Beginning with the line that contains "Set Implicit Arguments.", return every line down to the last one in the material below, exactly and with no others.
===== DATASET ENTRIES
Lemma lubell_le_const (T : finType) (le : rel T) d n k (S : {set grid n k}) :
  has_realizer le d.+1 -> d < n -> 2 <= k -> ~ contains_copy le S ->
  (lubell S <= INR (lubell_const #|T| n) * ln (INR k))%R.
Proof.
case: n S => // n' S; case: k S => // k' S realizer le_dn le2k noS.
have [r [r_inj r_copy]] := realizer_pattern realizer le_dn.
set c := km_const n' #|T|.
have card_spread_sub (S' : {set grid n'.+1 k'.+1}) N : S' \subset S -> spread S' N ->
    #|S'| <= c * N ^ n'.
  move=> sub_S' spr_S'.
  apply: (km_boundP erefl r_inj spr_S') => /r_copy [f [f_inj [fS' f_le]]].
  by apply: noS; exists f; split=> //; split=> // p; apply: (subsetP sub_S').
apply: Rle_trans (LubellSum.lubell_le_shells card_spread_sub) _.
have -> : lubell_const #|T| n'.+1 = 4 * (2 * c * (4 * n'.+1) ^ n').
  by rewrite /lubell_const /c /=; lia.
move: (2 * c * _) => K; rewrite !mult_INR (_ : INR 4 = 4%R); last by rewrite /=; lra.
have := ln_INR_ge0 (ltn0Sn k'); have := trunc_log2_le_ln le2k; have := pos_INR K; nra.
Qed.

Theorem mainTheorem6 :
  exists alpha : nat -> R,
  forall (T : finType) (le : rel T), is_partial_order le ->
  exists C : R,
  forall (dP n k : nat), is_dim le dP -> (dP <= n)%N -> (2 <= k)%N ->
  forall S : {set grid n k}, ~ contains_copy le S ->
  (lubell S <= C * alpha n * ln (INR k))%R.
Proof.
exists (fun n => INR (\sum_(m < n.+1) lubell_const m n).+1) => T le _.
exists (INR (\sum_(i < #|T|.+1) lubell_const #|T| i).+1).
move=> [|d] n k [// _ [realizer _]] le_dn le2k S noS.
apply: Rle_trans (lubell_le_const realizer le_dn le2k noS) _.
apply: Rmult_le_compat_r; first by apply: ln_INR_ge0; lia.
by cbv beta; rewrite -mult_INR; apply/le_INR/leP/leq_mul_sums.
Qed.
(* Let $Q$ be a finite acyclic quiver with automorphism $\sigma$ and let $\alpha\in\mathcal F_{Q,\sigma}$. Then every primitive element $x\in\mathcal H_v(Q,\sigma)^{\rm prim}_\alpha$ satisfies $\mathbb I_\alpha(x)=\{x,\mathbf 1_\alpha\}=0$; that is, $\mathcal H_v(Q,\sigma)^{\rm prim}_\alpha\subseteq\operatorname{Ker}\mathbb I_\alpha$.
   Context: Let $Q=(Q_0,Q_1)$ be a finite quiver and $\sigma$ an automorphism of $Q$ (a permutation of vertices and arrows compatible with heads and tails). Let $\mathbb F_q$ be a finite field, $\overline{\mathbb F}_q$ its algebraic closure, $F:\overline{\mathbb F}_qQ\to\overline{\mathbb F}_qQ$, $\sum_sx_sp_s\mapsto\sum_sx_s^q\sigma(p_s)$, and $A=\mathfrak A(Q,\sigma;q)=\{a:F(a)=a\}$ (a hereditary $\mathbb F_q$-algebra, finite-dimensional when $Q$ is acyclic). Let $I$ be the set of $\sigma$-orbits of vertices, $\Gamma_1$ the set of $\sigma$-orbits of arrows, $\varepsilon_i,\varepsilon_\rho$ the orbit sizes, and $t\rho,h\rho\in I$ the tail/head orbits of $\rho\in\Gamma_1$; $\Gamma=\Gamma(Q,\sigma)$ is the valued quiver with vertices $I$ and arrows $\Gamma_1$. Euler form: $\langle x,y\rangle=\sum_i\varepsilon_ix_iy_i-\sum_{\rho\in\Gamma_1}\varepsilon_\rho x_{t\rho}y_{h\rho}$ on $\mathbb ZI$; symmetric Euler form $(x,y)=\langle x,y\rangle+\langle y,x\rangle$. The dimension vector of an $A$-module $M$ is $\mathbf{dim}M=\sum_i(\dim_{\mathbb F_{q^{\varepsilon_i}}}e_iM)i$, $e_i$ the idempotent of $A$ for $i\in I$. The fundamental set is $\mathcal F_{Q,\sigma}=\{\mu\in\mathbb NI:$ the full subquiver of $\Gamma$ on $\{i:\mu_i\ne0\}$ is connected and $(\mu,i)\le0$ for all $i\in I\}$. With $F^L_{M,N}$ the number of submodules $X\subseteq L$ with $X\cong N$, $L/X\cong M$, $a_M=|\mathrm{Aut}_A(M)|$ and $v=\sqrt q$, the Ringel–Hall algebra $\mathcal H_v(Q,\sigma)$ has $\mathbb C$-basis the isoclasses $[M]$ of finite-dimensional $A$-modules, product $[M][N]=\sum_{[L]}v^{\langle\mathbf{dim}M,\mathbf{dim}N\rangle}F^L_{M,N}[L]$, coproduct $\Delta([M])=\sum_{[X],[Y]}v^{\langle\mathbf{dim}X,\mathbf{dim}Y\rangle}\frac{a_Xa_Y}{a_M}F^M_{X,Y}[X]\otimes[Y]$, unit $1=[0]$, and $\mathbb NI$-grading by dimension vectors. $\mathcal H_v(Q,\sigma)^{\rm prim}_{\mathbf d}=\{x\in\mathcal H_v(Q,\sigma)_{\mathbf d}:\Delta(x)=x\otimes1+1\otimes x\}$. The Green form is $\{[M],[N]\}=\delta_{[M],[N]}/a_M$. Put $\mathbf 1_{\mathbf d}=\sum_{[M]:\mathbf{dim}M=\mathbf d}[M]$ and $\mathbb I_{\mathbf d}:\mathcal H_v(Q,\sigma)_{\mathbf d}\to\mathbb C$, $[M]\mapsto 1/a_M$, so $\mathbb I_{\mathbf d}(x)=\{x,\mathbf 1_{\mathbf d}\}$. *)

From HB Require Import structures.
From mathcomp Require Import all_boot all_order fingroup perm all_algebra.
Set Implicit Arguments. Unset Strict Implicit. Unset Printing Implicit Defensive.
Import Order.TTheory GRing.Theory Num.Theory.
Local Open Scope ring_scope.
==========
§ **ANSWER AREA**:
Set Implicit Arguments. Unset Strict Implicit. Unset Printing Implicit Defensive.
Import Order.TTheory GRing.Theory Num.Theory.
Local Open Scope ring_scope.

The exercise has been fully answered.